=== RECORDED INFORMATION ===

(* Fix $\lambda_1,\lambda_2,\lambda_3\in\mathbb{Z}_{\ge0}$. Let $\mathbf{w}=[w_1,w_2,\dots]$ be an infinite reduced sequence and $\{k_j\}_{j\ge1}$ its ratio number sequence. Then: (1) if each of $1,2,3$ appears infinitely many times in $\mathbf{w}$, then $\lim_{j\to\infty}k_j=3+\lambda_1+\lambda_2+\lambda_3$; (2) if some index $i\in\{1,2,3\}$ appears only finitely many times in $\mathbf{w}$, then there exists a real number $k_\beta$ with $\lim_{j\to\infty}k_j=k_\beta$.
   Context: Generalized Markov mutations (for the equation $X_1^2+X_2^2+X_3^2+\lambda_3X_1X_2+\lambda_1X_2X_3+\lambda_2X_3X_1=(3+\lambda_1+\lambda_2+\lambda_3)X_1X_2X_3$) are the maps on positive rational triples $\mu_1(x_1,x_2,x_3)=(\frac{x_2^2+\lambda_1x_2x_3+x_3^2}{x_1},x_2,x_3)$, $\mu_2(x_1,x_2,x_3)=(x_1,\frac{x_1^2+\lambda_2x_1x_3+x_3^2}{x_2},x_3)$, $\mu_3(x_1,x_2,x_3)=(x_1,x_2,\frac{x_1^2+\lambda_3x_1x_2+x_2^2}{x_3})$. A sequence $\mathbf{w}=[w_1,w_2,\dots]$ with entries in $\{1,2,3\}$ is reduced if $w_i\ne w_{i+1}$ for all $i$. Ratio number sequence: set $T_0=(1,1,1)$ and $T_j=\mu_{w_j}(T_{j-1})$ for $j\ge1$; $k_j$ is the $w_j$-th component of $T_j$ divided by the product of the other two components of $T_j$. *)

From HB Require Import structures.
From mathcomp Require Import all_boot all_order all_algebra.
From mathcomp Require Import all_classical all_reals all_analysis.
Set Implicit Arguments. Unset Strict Implicit. Unset Printing Implicit Defensive.
Import Order.TTheory GRing.Theory Num.Theory.
Local Open Scope ring_scope.

Definition triple := (rat * rat * rat)%type.
Definition t1 (t : triple) : rat := t.1.1.
Definition t2 (t : triple) : rat := t.1.2.
Definition t3 (t : triple) : rat := t.2.

Definition mu (l1 l2 l3 : nat) (i : nat) (t : triple) : triple :=
  let x1 := t1 t in let x2 := t2 t in let x3 := t3 t in
  match i with
  | 1%N => ((x2 ^+ 2 + l1%:R * x2 * x3 + x3 ^+ 2) / x1, x2, x3)
  | 2%N => (x1, (x1 ^+ 2 + l2%:R * x1 * x3 + x3 ^+ 2) / x2, x3)
  | 3%N => (x1, x2, (x1 ^+ 2 + l3%:R * x1 * x2 + x2 ^+ 2) / x3)
  | _ => t
  end.

(* T_0 = (1,1,1), T_j = mu_{w_j} (T_{j-1}); w is indexed from 1 (w 0 unused) *)
Fixpoint Tseq (l1 l2 l3 : nat) (w : nat -> nat) (j : nat) : triple :=
  match j with
  | 0%N => (1, 1, 1)
  | j'.+1 => mu l1 l2 l3 (w j) (Tseq l1 l2 l3 w j')
  end.

Definition kseq (l1 l2 l3 : nat) (w : nat -> nat) (j : nat) : rat :=
  let t := Tseq l1 l2 l3 w j in
  match w j with
  | 1%N => t1 t / (t2 t * t3 t)
  | 2%N => t2 t / (t1 t * t3 t)
  | _ => t3 t / (t1 t * t2 t)
  end.

Definition reduced_seq (w : nat -> nat) : Prop :=
  (forall j, (1 <= j)%N -> (1 <= w j <= 3)%N) /\
  (forall j, (1 <= j)%N -> w j != w j.+1).

Definition appears_infinitely (w : nat -> nat) (i : nat) : Prop :=
  forall N, exists j, (N <= j)%N /\ w j = i.

From HB Require Import structures.
From mathcomp Require Import all_boot all_order all_algebra.
From mathcomp Require Import all_classical all_reals all_analysis.
From mathcomp Require Import ring lra.
Import Order.TTheory GRing.Theory Num.Theory.
Import numFieldNormedType.Exports.
Local Open Scope classical_set_scope.
Local Open Scope ring_scope.

(* Let F be the form x1^2 + x2^2 + x3^2 + l3 x1 x2 + l1 x2 x3 + l2 x3 x1 - K x1 x2 x3
   with K = 3 + l1 + l2 + l3. It vanishes at (1,1,1), and mu_i replaces x_i by the other
   root of F = 0 viewed as a quadratic in x_i, so F(T_j) = 0 for all j. With P = x1 x2 x3,
   k_j = x_(w_j)^2 / P, hence k_j <= K; and if {a, b} = {1,2,3} minus w_(j+1), then
   w_j is a or b, so k_(j+1) = (x_a^2 + l x_a x_b + x_b^2) / P >= k_j. Thus (k_j) is
   nondecreasing and bounded by K, which gives (2). For (1): as k_j >= 2, the newest
   coordinate dominates the other two and at least doubles at each step, and no
   coordinate ever decreases. Once every index has been mutated after time n, all
   coordinates are at least n, and then K - k_j <= (2 + l1 + l2 + l3) / n. *)

Arguments t1 !t /.
Arguments t2 !t /.
Arguments t3 !t /.

(* As in [kseq], indices outside 1..3 select the third coordinate. *)
Definition coord (t : triple) (i : nat) : rat :=
  match i with 1%N => t1 t | 2%N => t2 t | _ => t3 t end.

Definition coprod (t : triple) (i : nat) : rat :=
  match i with 1%N => t2 t * t3 t | 2%N => t1 t * t3 t | _ => t1 t * t2 t end.

Definition tprod (t : triple) : rat := t1 t * t2 t * t3 t.

Definition ratio (t : triple) (i : nat) : rat := coord t i / coprod t i.

Lemma forall_coordP (P : rat -> Prop) t :
  (forall b, P (coord t b)) <-> [/\ P (t1 t), P (t2 t) & P (t3 t)].
Proof.
split=> [tP | [P1 P2 P3] [|[|[|b]]]] //.
by split; [exact: (tP 1%N) | exact: (tP 2%N) | exact: (tP 3%N)].
Qed.

Lemma coord_index_in_range b :
  exists2 a, (1 <= a <= 3)%N & forall t, coord t b = coord t a.
Proof. by case: b => [|[|[|[|b]]]]; [exists 3%N | exists 1%N | exists 2%N | exists 3%N..]. Qed.

Lemma coord_coprod t i : coord t i * coprod t i = tprod t.
Proof. by rewrite /tprod; case: i => [|[|[|i]]] /=; ring. Qed.

Lemma coprod_gt0 t i : (forall b, 0 < coord t b) -> 0 < coprod t i.
Proof.
move=> /(forall_coordP (<%R 0)) [h1 h2 h3].
by case: i => [|[|[|i]]]; rewrite /= mulr_gt0.
Qed.

Lemma coprod_ge1 t i : (forall b, 1 <= coord t b) -> 1 <= coprod t i.
Proof.
move=> /(forall_coordP (<=%R 1)) [h1 h2 h3].
by case: i => [|[|[|i]]]; rewrite /= mulr_ege1.
Qed.

Lemma tprod_gt0 t : (forall b, 0 < coord t b) -> 0 < tprod t.
Proof. by move=> /(forall_coordP (<%R 0)) [h1 h2 h3]; rewrite !mulr_gt0. Qed.

Lemma ratio_sqE t i : (forall b, 0 < coord t b) ->
  ratio t i = coord t i ^+ 2 / tprod t.
Proof.
move=> t_pos; rewrite /ratio -(coord_coprod t i) expr2 invfM mulrA.
by rewrite mulfK // gt_eqF.
Qed.

Lemma coprod_ge_coord t a i : (forall b, 1 <= coord t b) ->
  (1 <= a <= 3)%N -> (1 <= i <= 3)%N -> a != i -> coord t a <= coprod t i.
Proof.
move=> /(forall_coordP (<=%R 1)) [h1 h2 h3].
by case: a => [|[|[|[|a]]]] //; case: i => [|[|[|[|i]]]] //= _ _ _;
  rewrite ?ler_peMl ?ler_peMr // (le_trans ler01).
Qed.

(* Divided by xyz, each of the five terms is at most its coefficient over n, as x is the
   largest variable. *)
Lemma quadratic_tail_le {R : realFieldType} {x y z p q r n : R} :
  0 <= n -> n <= y -> n <= z -> y <= x -> z <= x -> 0 <= p -> 0 <= q -> 0 <= r ->
  n * (y ^+ 2 + z ^+ 2 + p * x * y + q * y * z + r * z * x)
    <= (2 + p + q + r) * (x * y * z).
Proof.
move=> n0 ny nz yx zx p0 q0 r0.
have y0 := le_trans n0 ny; have z0 := le_trans n0 nz; have x0 := le_trans y0 yx.
have sub_ge0 (u v : R) : u <= v -> 0 <= v - u by rewrite subr_ge0.
have := mulr_ge0 (mulr_ge0 y0 y0) (sub_ge0 _ _ nz).
have := mulr_ge0 (mulr_ge0 y0 z0) (sub_ge0 _ _ yx).
have := mulr_ge0 (mulr_ge0 z0 z0) (sub_ge0 _ _ ny).
have := mulr_ge0 (mulr_ge0 z0 y0) (sub_ge0 _ _ zx).
have := mulr_ge0 (mulr_ge0 (mulr_ge0 p0 x0) y0) (sub_ge0 _ _ nz).
have := mulr_ge0 (mulr_ge0 (mulr_ge0 q0 y0) z0) (sub_ge0 _ _ (le_trans ny yx)).
have := mulr_ge0 (mulr_ge0 (mulr_ge0 r0 z0) x0) (sub_ge0 _ _ ny).
lra.
Qed.

Lemma appears_all_within (w : nat -> nat) (s : seq nat) n :
  {in s, forall a, appears_infinitely w a} ->
  exists J, {in s, forall a, exists2 i, (n <= i <= J)%N & w i = a}.
Proof.
elim: s => [|a s IH] s_inf; first by exists 0%N.
have [J visits] := IH (fun b bs => s_inf b (mem_behead (s := a :: s) bs)).
have [i [ni wi]] := s_inf a (mem_head a s) n.
exists (maxn i J) => b /predU1P [-> | bs]; first by exists i; rewrite ?ni ?leq_maxl.
have [i' /andP [ni' i'J] wi'] := visits b bs.
by exists i'; rewrite // ni' (leq_trans i'J) ?leq_maxr.
Qed.

Section Mutation.
Variables l1 l2 l3 : nat.

Definition exchange (t : triple) (i : nat) : rat :=
  match i with
  | 1%N => t2 t ^+ 2 + l1%:R * t2 t * t3 t + t3 t ^+ 2
  | 2%N => t1 t ^+ 2 + l2%:R * t1 t * t3 t + t3 t ^+ 2
  | _ => t1 t ^+ 2 + l3%:R * t1 t * t2 t + t2 t ^+ 2
  end.

Definition markov_sum (t : triple) : rat :=
  t1 t ^+ 2 + t2 t ^+ 2 + t3 t ^+ 2
  + l3%:R * t1 t * t2 t + l1%:R * t2 t * t3 t + l2%:R * t3 t * t1 t.

Definition markov_const : rat := (3 + l1 + l2 + l3)%N%:R.

Lemma coord_mu t i : (1 <= i <= 3)%N ->
  coord (mu l1 l2 l3 i t) i = exchange t i / coord t i.
Proof. by case: i => [|[|[|[|i]]]]. Qed.

Lemma coord_mu_neq t a i : (1 <= a <= 3)%N -> a != i ->
  coord (mu l1 l2 l3 i t) a = coord t a.
Proof. by case: a => [|[|[|[|a]]]] //; case: i => [|[|[|[|i]]]]. Qed.

Lemma coprod_mu t i : coprod (mu l1 l2 l3 i t) i = coprod t i.
Proof. by case: i => [|[|[|[|i]]]]. Qed.

Lemma exchange_gt0 t i : (forall b, 0 < coord t b) -> 0 < exchange t i.
Proof.
move=> /(forall_coordP (<%R 0)) [h1 h2 h3].
have quad_gt0 (x y : rat) (l : nat) : 0 < x -> 0 < y -> 0 < x ^+ 2 + l%:R * x * y + y ^+ 2.
  move=> x0 y0; have := mulr_ge0 (mulr_ge0 (ler0n rat l) (ltW x0)) (ltW y0).
  by have := exprn_gt0 2 x0; have := exprn_gt0 2 y0; lra.
by case: i => [|[|[|i]]]; apply: quad_gt0.
Qed.

Lemma mu_pos t i : (forall b, 0 < coord t b) -> forall b, 0 < coord (mu l1 l2 l3 i t) b.
Proof.
move=> /[dup] t_pos /(forall_coordP (<%R 0)) [h1 h2 h3].
have ex_pos (j : nat) x : 0 < x -> 0 < exchange t j / x.
  by apply: divr_gt0; apply: exchange_gt0.
by case: i => [|[|[|[|i]]]] //= [|[|[|b]]] //=;
  [exact: (ex_pos 1%N) | exact: (ex_pos 2%N) | exact: (ex_pos 3%N)..].
Qed.

Definition markov_form (t : triple) : rat := markov_sum t - markov_const * tprod t.

(* mu_i swaps x_i with the other root of [markov_form = 0] seen as a quadratic in x_i. *)
Lemma markov_form_mu t i : (forall b, 0 < coord t b) -> (1 <= i <= 3)%N ->
  markov_form (mu l1 l2 l3 i t) = exchange t i / coord t i ^+ 2 * markov_form t.
Proof.
move=> /(forall_coordP (<%R 0)) [h1 h2 h3].
rewrite /markov_form /markov_sum /tprod.
by case: i => [|[|[|[|i]]]] //= _; field; rewrite ?gt_eqF.
Qed.

Lemma ratio_mu t i : (forall b, 0 < coord t b) -> (1 <= i <= 3)%N ->
  ratio (mu l1 l2 l3 i t) i = exchange t i / tprod t.
Proof.
move=> t_pos i3; rewrite /ratio coord_mu // coprod_mu -(coord_coprod t i).
by rewrite invfM mulrA.
Qed.

Lemma sq_le_exchange t a i : (forall b, 0 < coord t b) ->
  (1 <= a <= 3)%N -> (1 <= i <= 3)%N -> a != i -> coord t a ^+ 2 <= exchange t i.
Proof.
move=> /(forall_coordP (<%R 0)) [h1 h2 h3].
have m1 := mulr_ge0 (mulr_ge0 (ler0n rat l1) (ltW h2)) (ltW h3).
have m2 := mulr_ge0 (mulr_ge0 (ler0n rat l2) (ltW h1)) (ltW h3).
have m3 := mulr_ge0 (mulr_ge0 (ler0n rat l3) (ltW h1)) (ltW h2).
have s1 := exprn_gt0 2 h1; have s2 := exprn_gt0 2 h2; have s3 := exprn_gt0 2 h3.
by case: a => [|[|[|[|a]]]] //; case: i => [|[|[|[|i]]]] //= _ _ _; lra.
Qed.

===

*PROBLEM REQUIREMENTS:* Above are some lines. Repeat exactly, and only, those from the line that has "match j with" through the line that has "(t1 t * t2 t)".

*WORKED SOLUTION:*
  match j with
  | 0%N => (1, 1, 1)
  | j'.+1 => mu l1 l2 l3 (w j) (Tseq l1 l2 l3 w j')
  end.

Definition kseq (l1 l2 l3 : nat) (w : nat -> nat) (j : nat) : rat :=
  let t := Tseq l1 l2 l3 w j in
  match w j with
  | 1%N => t1 t / (t2 t * t3 t)
  | 2%N => t2 t / (t1 t * t3 t)
  | _ => t3 t / (t1 t * t2 t)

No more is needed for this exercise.